## Problem description
Reproduce the following material exactly, including every line.

## Records to process

□ □ □ □ □ □ □

Theorem lemma2 (P : program) (alpha beta gamma : list event) (p : pid) (t : tid) :
  minimal_anomaly P (alpha ++ Issue p t :: beta ++ Com p t :: gamma) ->
  hb_through P (alpha ++ Issue p t :: beta ++ Com p t :: gamma) (Issue p t) beta (Com p t) ->
  minimal_anomaly P (alpha ++ Issue p t :: beta ++ [Com p t]).
Proof.
  set (tau' := alpha ++ Issue p t :: beta ++ [Com p t]).
  assert (Etau : alpha ++ Issue p t :: beta ++ Com p t :: gamma = tau' ++ gamma).
  { unfold tau'. now rewrite <- app_assoc, <- app_comm_cons, <- app_assoc. }
  rewrite Etau. intros [[Hsi _] Hmin] Hhb.
  pose proof (exec_SI_prefix P _ _ Hsi) as Hsi'.
  assert (Hhb' : hb_through P tau' (Issue p t) beta (Com p t)).
  { apply hb_through_prefix with gamma; auto; unfold tau'.
    - apply in_app_iff; simpl; auto.
    - intros x Hx. apply in_app_iff; simpl; auto. }
  split.
  - split; auto. exact (hb_through_not_serializable P _ _ _ _ Hsi' Hhb').
  - intros tau'' H''. specialize (Hmin tau'' H''). pose proof (ndelayed_app_le P tau' gamma). lia.
Qed.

□ □ □ □ □ □ □

## Your response
Theorem lemma2 (P : program) (alpha beta gamma : list event) (p : pid) (t : tid) :
  minimal_anomaly P (alpha ++ Issue p t :: beta ++ Com p t :: gamma) ->
  hb_through P (alpha ++ Issue p t :: beta ++ Com p t :: gamma) (Issue p t) beta (Com p t) ->
  minimal_anomaly P (alpha ++ Issue p t :: beta ++ [Com p t]).
Proof.
  set (tau' := alpha ++ Issue p t :: beta ++ [Com p t]).
  assert (Etau : alpha ++ Issue p t :: beta ++ Com p t :: gamma = tau' ++ gamma).
  { unfold tau'. now rewrite <- app_assoc, <- app_comm_cons, <- app_assoc. }
  rewrite Etau. intros [[Hsi _] Hmin] Hhb.
  pose proof (exec_SI_prefix P _ _ Hsi) as Hsi'.
  assert (Hhb' : hb_through P tau' (Issue p t) beta (Com p t)).
  { apply hb_through_prefix with gamma; auto; unfold tau'.
    - apply in_app_iff; simpl; auto.
    - intros x Hx. apply in_app_iff; simpl; auto. }
  split.
  - split; auto. exact (hb_through_not_serializable P _ _ _ _ Hsi' Hhb').
  - intros tau'' H''. specialize (Hmin tau'' H''). pose proof (ndelayed_app_le P tau' gamma). lia.
Qed.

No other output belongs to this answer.